*What you are asked to do*: Which lines in the records below contain the word "modnDmr"? Return each of them.
=== Begin Enclosure ===
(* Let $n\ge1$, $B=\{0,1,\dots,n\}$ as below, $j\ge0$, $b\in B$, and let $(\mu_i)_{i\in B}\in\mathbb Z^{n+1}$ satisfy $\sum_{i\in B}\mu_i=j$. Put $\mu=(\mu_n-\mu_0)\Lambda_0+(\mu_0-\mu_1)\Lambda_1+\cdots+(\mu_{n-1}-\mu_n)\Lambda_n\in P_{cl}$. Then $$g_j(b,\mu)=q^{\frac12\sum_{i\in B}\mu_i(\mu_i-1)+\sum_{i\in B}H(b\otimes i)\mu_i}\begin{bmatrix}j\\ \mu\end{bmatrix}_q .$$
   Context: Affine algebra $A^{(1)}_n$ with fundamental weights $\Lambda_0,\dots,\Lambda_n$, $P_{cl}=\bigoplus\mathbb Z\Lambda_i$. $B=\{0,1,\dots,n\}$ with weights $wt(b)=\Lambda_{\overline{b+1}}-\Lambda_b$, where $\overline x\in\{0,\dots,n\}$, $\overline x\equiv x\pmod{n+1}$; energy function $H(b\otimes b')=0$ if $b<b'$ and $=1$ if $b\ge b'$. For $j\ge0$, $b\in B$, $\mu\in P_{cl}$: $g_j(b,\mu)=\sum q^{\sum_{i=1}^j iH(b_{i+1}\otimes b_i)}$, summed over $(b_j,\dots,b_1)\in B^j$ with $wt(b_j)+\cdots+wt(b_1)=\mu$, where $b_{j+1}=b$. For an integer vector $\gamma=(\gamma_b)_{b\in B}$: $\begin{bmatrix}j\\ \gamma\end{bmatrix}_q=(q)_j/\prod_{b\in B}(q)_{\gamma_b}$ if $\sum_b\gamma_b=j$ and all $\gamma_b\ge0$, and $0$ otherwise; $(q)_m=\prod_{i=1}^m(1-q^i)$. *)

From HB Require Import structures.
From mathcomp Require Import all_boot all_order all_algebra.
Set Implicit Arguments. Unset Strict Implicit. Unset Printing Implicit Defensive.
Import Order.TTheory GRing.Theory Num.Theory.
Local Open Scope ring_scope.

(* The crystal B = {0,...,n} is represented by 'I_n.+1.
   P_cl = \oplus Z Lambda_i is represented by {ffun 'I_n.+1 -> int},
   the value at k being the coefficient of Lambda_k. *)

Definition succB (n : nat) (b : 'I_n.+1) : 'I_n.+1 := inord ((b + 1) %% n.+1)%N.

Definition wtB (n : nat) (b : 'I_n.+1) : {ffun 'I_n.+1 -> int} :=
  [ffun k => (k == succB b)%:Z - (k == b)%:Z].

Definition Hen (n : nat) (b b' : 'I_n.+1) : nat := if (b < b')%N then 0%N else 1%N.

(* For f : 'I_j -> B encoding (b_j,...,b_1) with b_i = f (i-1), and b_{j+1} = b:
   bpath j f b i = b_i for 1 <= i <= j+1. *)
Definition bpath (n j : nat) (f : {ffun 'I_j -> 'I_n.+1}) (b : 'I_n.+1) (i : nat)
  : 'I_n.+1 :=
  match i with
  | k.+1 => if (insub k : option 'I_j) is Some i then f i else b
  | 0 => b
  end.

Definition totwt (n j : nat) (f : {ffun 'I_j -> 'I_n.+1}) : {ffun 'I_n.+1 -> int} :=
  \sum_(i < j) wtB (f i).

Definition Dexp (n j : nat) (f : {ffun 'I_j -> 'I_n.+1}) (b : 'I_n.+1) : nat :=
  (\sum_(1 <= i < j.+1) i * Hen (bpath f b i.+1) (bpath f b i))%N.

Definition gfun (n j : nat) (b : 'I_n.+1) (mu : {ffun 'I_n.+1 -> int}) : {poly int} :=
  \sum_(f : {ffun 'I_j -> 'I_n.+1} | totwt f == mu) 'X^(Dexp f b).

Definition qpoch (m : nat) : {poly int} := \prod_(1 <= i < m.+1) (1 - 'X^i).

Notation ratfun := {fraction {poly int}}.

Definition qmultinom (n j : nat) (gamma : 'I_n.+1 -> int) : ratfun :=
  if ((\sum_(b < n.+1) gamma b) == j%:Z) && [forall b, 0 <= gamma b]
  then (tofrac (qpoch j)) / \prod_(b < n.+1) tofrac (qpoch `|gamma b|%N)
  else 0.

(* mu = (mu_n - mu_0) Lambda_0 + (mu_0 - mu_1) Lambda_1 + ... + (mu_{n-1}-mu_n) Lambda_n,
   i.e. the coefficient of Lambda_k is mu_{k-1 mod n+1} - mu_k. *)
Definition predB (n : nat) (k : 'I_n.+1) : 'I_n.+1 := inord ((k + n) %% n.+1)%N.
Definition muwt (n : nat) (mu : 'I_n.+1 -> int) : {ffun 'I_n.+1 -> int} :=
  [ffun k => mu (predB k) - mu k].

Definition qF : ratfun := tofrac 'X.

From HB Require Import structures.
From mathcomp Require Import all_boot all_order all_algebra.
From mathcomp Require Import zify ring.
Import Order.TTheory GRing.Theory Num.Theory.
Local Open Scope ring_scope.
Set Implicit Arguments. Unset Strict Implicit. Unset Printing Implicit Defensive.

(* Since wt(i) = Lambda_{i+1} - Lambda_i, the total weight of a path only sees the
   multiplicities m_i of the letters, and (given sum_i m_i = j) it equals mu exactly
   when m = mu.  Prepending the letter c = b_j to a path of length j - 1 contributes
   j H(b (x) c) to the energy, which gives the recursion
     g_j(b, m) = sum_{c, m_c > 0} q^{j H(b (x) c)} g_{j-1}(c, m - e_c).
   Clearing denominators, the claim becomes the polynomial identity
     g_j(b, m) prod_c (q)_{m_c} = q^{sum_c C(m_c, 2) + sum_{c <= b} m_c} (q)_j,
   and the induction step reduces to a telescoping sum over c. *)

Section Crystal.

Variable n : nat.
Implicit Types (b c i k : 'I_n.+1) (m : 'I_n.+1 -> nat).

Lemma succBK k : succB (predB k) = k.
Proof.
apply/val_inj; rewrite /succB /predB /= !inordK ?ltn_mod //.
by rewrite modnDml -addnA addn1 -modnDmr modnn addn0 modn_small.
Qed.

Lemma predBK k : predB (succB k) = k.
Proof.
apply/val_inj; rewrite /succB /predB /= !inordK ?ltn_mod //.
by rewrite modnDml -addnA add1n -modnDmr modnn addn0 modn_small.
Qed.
=== End Enclosure ===
*Solution*:
by rewrite modnDml -addnA addn1 -modnDmr modnn addn0 modn_small.
by rewrite modnDml -addnA add1n -modnDmr modnn addn0 modn_small.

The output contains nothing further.